Syria envoy warns of surge in deaths

December 30, 2012 05:34 pm | Updated November 17, 2021 02:45 am IST - Cairo

United Nations-Arab League envoy Lakhdar Brahimi warned that a delay in implementing the peaceful solution would jeopardize Syria, as well regional and global peace. Photo:AP

United Nations-Arab League envoy Lakhdar Brahimi warned that a delay in implementing the peaceful solution would jeopardize Syria, as well regional and global peace. Photo:AP

United Nations-Arab League envoy Lakhdar Brahimi on Sunday outlined a solution to end the conflict in Syria, saying there is a “wide international consensus” on the formula.

“This political solution includes a ceasefire, the formation of a transition government with full powers and other steps leading to elections,” he said in Cairo, without providing further details.

Mr Brahimi was speaking after talks in Cairo with Arab League head Nabil al-Arabi.

The veteran Algerian diplomat warned that a delay in implementing the peaceful solution would jeopardize Syria, as well regional and global peace.

“The situation in Syria is very bad and worsening,” he said.

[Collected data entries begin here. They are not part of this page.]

(** * The MEMS equation *)

Definition solves_mems_ode (alpha p : R) (n : nat) (v : R -> R) (t : R) : Prop :=
  ex_derive v t /\ ex_derive (Derive v) t /\
  Derive (Derive v) t + (INR n - 1) / t * Derive v t = Rpower t alpha / Rpower (v t) p.

Section MEMS.

Variables (alpha p : R) (n : nat).
Hypothesis alpha_ge0 : 0 <= alpha.
Hypothesis p_gt1 : 1 < p.
Hypothesis n_ge1 : (1 <= n)%nat.
Hypothesis B_pos : 0 < beta_of alpha p * (beta_of alpha p + INR n - 2).

Local Notation beta := (beta_of alpha p).
Local Notation B := (beta_of alpha p * (beta_of alpha p + INR n - 2)).
Local Notation c0 := (c0_of alpha p n).
Local Notation w0 := (w0_of alpha p n).

Lemma mems_ode_difference_bound (v1 v2 : R -> R) s m t :
  0 < s -> 0 < m -> s / 2 <= t <= s -> m <= v1 t -> m <= v2 t ->
  solves_mems_ode alpha p n v1 t -> solves_mems_ode alpha p n v2 t ->
  Rabs (Derive (Derive v1) t - Derive (Derive v2) t) <=
  ((INR n - 1) * (2 / s) + Rpower s alpha * (p * Rpower m (- p - 1))) *
  (Rabs (v1 t - v2 t) + Rabs (Derive v1 t - Derive v2 t)).
Proof.
  intros Hs Hm Ht Hv1 Hv2 [_ [_ Hode1]] [_ [_ Hode2]].
  set (A := (INR n - 1) * (2 / s)).
  set (L := Rpower s alpha * (p * Rpower m (- p - 1))).
  assert (Hn : 1 <= INR n) by (apply (le_INR 1); exact n_ge1).
  assert (HA : 0 <= A) by (apply Rmult_le_pos; [lra | apply Rlt_le, Rdiv_lt_0_compat; lra]).
  assert (HL : 0 <= L)
    by (apply Rmult_le_pos; [|apply Rmult_le_pos]; try apply Rlt_le, Rpower_gt0; lra).
  assert (Hdamp : Rabs ((INR n - 1) / t) <= A).
  { rewrite Rabs_pos_eq by (apply Rdiv_le_0_compat; lra).
    unfold A, Rdiv. apply Rmult_le_compat_l; [lra|].
    replace (2 * / s) with (/ (s / 2)) by (field; lra). apply Rinv_le_contravar; lra. }
  assert (Hforce : Rabs (Rpower t alpha / Rpower (v1 t) p - Rpower t alpha / Rpower (v2 t) p)
                   <= L * Rabs (v1 t - v2 t)).
  { unfold Rdiv. rewrite <- Rmult_minus_distr_l, Rabs_mult, <- !Rpower_Ropp.
    rewrite (Rabs_pos_eq (Rpower t alpha)) by apply Rlt_le, Rpower_gt0.
    unfold L. rewrite Rmult_assoc. apply Rmult_le_compat.
    - apply Rlt_le, Rpower_gt0.
    - apply Rabs_pos.
    - apply Rle_Rpower_l; lra.
    - apply Rpower_opp_lipschitz; lra. }
  replace (Derive (Derive v1) t - Derive (Derive v2) t) with
    (- ((INR n - 1) / t) * (Derive v1 t - Derive v2 t) +
     (Rpower t alpha / Rpower (v1 t) p - Rpower t alpha / Rpower (v2 t) p)) by lra.
  eapply Rle_trans; [apply Rabs_triang|].
  rewrite Rabs_mult, Rabs_Ropp.
  assert (Rabs ((INR n - 1) / t) * Rabs (Derive v1 t - Derive v2 t)
          <= A * Rabs (Derive v1 t - Derive v2 t))
    by (apply Rmult_le_compat_r; [apply Rabs_pos | exact Hdamp]).
  assert (Q1 := Rabs_pos (v1 t - v2 t)). assert (Q2 := Rabs_pos (Derive v1 t - Derive v2 t)).
  fold A L. nra.
Qed.

Lemma mems_ode_backward_unique (v1 v2 : R -> R) s :
  (forall t, 0 < t -> solves_mems_ode alpha p n v1 t /\ 0 < v1 t) ->
  (forall t, 0 < t -> solves_mems_ode alpha p n v2 t /\ 0 < v2 t) ->
  0 < s -> v1 s = v2 s -> Derive v1 s = Derive v2 s ->
  exists d, 0 < d < s /\ forall t, s - d <= t <= s -> v1 t = v2 t.
Proof.
  intros Hv1 Hv2 Hs Heq HDeq.
  assert (Hmin : forall v : R -> R,
             (forall t, 0 < t -> solves_mems_ode alpha p n v t /\ 0 < v t) ->
             exists m, 0 < m /\ forall t, s / 2 <= t <= s -> m <= v t).
  { intros v Hv.
    destruct (continuous_ab_min_consistent v (s / 2) s) as [tmin [Hmin Htmin]]; [lra| |].
    - intros c Hc. apply (ex_derive_continuous v c), Hv. lra.
    - exists (v tmin). split; [apply Hv; lra | exact Hmin]. }
  destruct (Hmin v1 Hv1) as [m1 [Hm1 Hle1]], (Hmin v2 Hv2) as [m2 [Hm2 Hle2]].
  set (m := Rmin m1 m2).
  assert (Hm : 0 < m) by (apply Rmin_pos; assumption).
  destruct (zero_left_of_second_order_bound (fun t => v1 t - v2 t)
              (fun t => Derive v1 t - Derive v2 t)
              (fun t => Derive (Derive v1) t - Derive (Derive v2) t) s (s / 2)
              ((INR n - 1) * (2 / s) + Rpower s alpha * (p * Rpower m (- p - 1))))
    as [d [Hd Hzero]]; [lra | | | lra | lra |].
  - assert (1 <= INR n) by (apply (le_INR 1); exact n_ge1).
    assert (0 < 2 / s) by (apply Rdiv_lt_0_compat; lra).
    assert (0 < Rpower s alpha) by apply Rpower_gt0.
    assert (0 < Rpower m (- p - 1)) by apply Rpower_gt0.
    assert (0 < p * Rpower m (- p - 1)) by (apply Rmult_lt_0_compat; lra).
    nra.
  - intros t Ht.
    destruct (Hv1 t ltac:(lra)) as [[Hd1 [Hdd1 _]] _], (Hv2 t ltac:(lra)) as [[Hd2 [Hdd2 _]] _].
    split; [|split].
    + apply is_derive_Reals.
      exact (is_derive_minus _ _ _ _ _ (Derive_correct _ _ Hd1) (Derive_correct _ _ Hd2)).
    + apply is_derive_Reals.
      exact (is_derive_minus _ _ _ _ _ (Derive_correct _ _ Hdd1) (Derive_correct _ _ Hdd2)).
    + apply mems_ode_difference_bound; try lra; try apply Hv1; try apply Hv2; try lra.
      * apply (Rle_trans _ m1); [apply Rmin_l | apply Hle1; lra].
      * apply (Rle_trans _ m2); [apply Rmin_r | apply Hle2; lra].
  - exists d. split; [lra|]. intros t Ht. apply Rminus_diag_uniq, Hzero, Ht.
Qed.

Lemma beta_pos : 0 < beta.
Proof. apply Rdiv_lt_0_compat; lra. Qed.

Lemma Rpower_c0 : Rpower c0 (p + 1) = / B.
Proof.
  unfold c0_of. rewrite Rpower_mult.
  replace (- (1 / (p + 1)) * (p + 1)) with (Ropp 1) by (field; lra).
  rewrite Rpower_Ropp, Rpower_1 by exact B_pos. reflexivity.
Qed.

Lemma w0_pos t : 0 < w0 t.
Proof. apply Rmult_lt_0_compat; apply Rpower_gt0. Qed.

Lemma Rpower_w0 t : 0 < t -> Rpower (w0 t) (p + 1) = Rpower t (alpha + 2) / B.
Proof.
  intros Ht. unfold w0_of.
  rewrite <- Rpower_mult_distr, Rpower_mult, Rpower_c0 by apply Rpower_gt0.
  replace (beta * (p + 1)) with (alpha + 2) by (unfold beta_of; field; lra).
  unfold Rdiv. ring.
Qed.

Lemma w0_is_derive t : 0 < t -> is_derive w0 t (c0 * (beta * Rpower t (beta - 1))).
Proof.
  intros Ht. apply is_derive_scal, is_derive_Reals, derivable_pt_lim_power, Ht.
Qed.

Lemma Derive_w0_is_derive t :
  0 < t -> is_derive (Derive w0) t (c0 * (beta * ((beta - 1) * Rpower t (beta - 1 - 1)))).
Proof.
  intros Ht.
  apply (is_derive_ext_loc (fun y => c0 * (beta * Rpower y (beta - 1)))).
  - apply (locally_interval _ t 0 p_infty); simpl; try lra.
    intros y Hy _. symmetry. apply is_derive_unique, w0_is_derive, Hy.
  - apply is_derive_scal, is_derive_scal, is_derive_Reals, derivable_pt_lim_power, Ht.
Qed.

Lemma w0_solves_mems_ode t : 0 < t -> solves_mems_ode alpha p n w0 t.
Proof.
  intros Ht.
  split; [|split]; [eexists; apply w0_is_derive, Ht | eexists; apply Derive_w0_is_derive, Ht |].
  rewrite (is_derive_unique _ _ _ (Derive_w0_is_derive t Ht)),
    (is_derive_unique _ _ _ (w0_is_derive t Ht)).
  assert (Hpow1 : Rpower t (beta - 1) = Rpower t (beta - 1 - 1) * t).
  { rewrite <- (Rpower_1 t) at 3 by exact Ht. rewrite <- Rpower_plus. f_equal. ring. }
  assert (Hpowa : Rpower t alpha = Rpower t (beta - 1 - 1) * Rpower t (beta * p)).
  { rewrite <- Rpower_plus. f_equal. unfold beta_of. field. lra. }
  assert (Hw0p : Rpower (w0 t) p = Rpower c0 p * Rpower t (beta * p)).
  { unfold w0_of. rewrite <- Rpower_mult_distr, Rpower_mult by apply Rpower_gt0. reflexivity. }
  assert (HC : 0 < Rpower c0 p) by apply Rpower_gt0.
  assert (HcB : c0 * B = / Rpower c0 p).
  { apply (Rmult_eq_reg_l (Rpower c0 p)); [|lra].
    rewrite Rinv_r by lra.
    replace (Rpower c0 p * (c0 * B)) with (Rpower c0 (p + 1) * B)
      by (rewrite Rpower_plus, Rpower_1 by apply Rpower_gt0; ring).
    rewrite Rpower_c0. apply Rinv_l, Rgt_not_eq, B_pos. }
  rewrite Hpow1, Hpowa, Hw0p.
  transitivity (c0 * B * Rpower t (beta - 1 - 1)); [field; lra|].
  rewrite HcB. field. split; apply Rgt_not_eq, Rpower_gt0.
Qed.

“The pace of worsening is increasing,” he added, predicting that 50,000 more people will be killed in Syria next year if the conflict is not resolved.

The Syrian opposition has repeatedly said a political solution to end the country’s 22-month conflict is impossible unless President Bashar al-Assad steps down.

More than 45,000 people have been killed in Syria since the conflict started in March last year, according to the opposition.

Mr Brahimi met with al-Assad in Damascus earlier in the week, but did not share details of those talks.

The peace envoy also met with Russian Foreign Minister Sergey Lavrov in Moscow on Saturday.

Russia, a major ally of Syria, said that Mr al-Assad was not planning to relinquish power.

In Syria, opposition activists said government’s jets bombarded some pro-rebel towns on the outskirts of Damascus.

Fighting was meanwhile raging between al-Assad’s troops and rebels in the towns of Harsta and Arabeen near Damascus said the opposition Syrian Observatory for Human Rights. It did not give casualty figures.

The rebels have been fighting government troops in and around Damascus for weeks, raising the possibility that Mr al-Assad could lose his hold on the capital.

The Britain-based Observatory reported that unknown gunmen had shot dead Sheikh Abdullah Saleh, a local official loyal to al-Assad in the north-eastern province of al-Raqqa.

News from Syria is hard to verify as authorities have barred most foreign media from the country since the start of the pro-democracy uprising.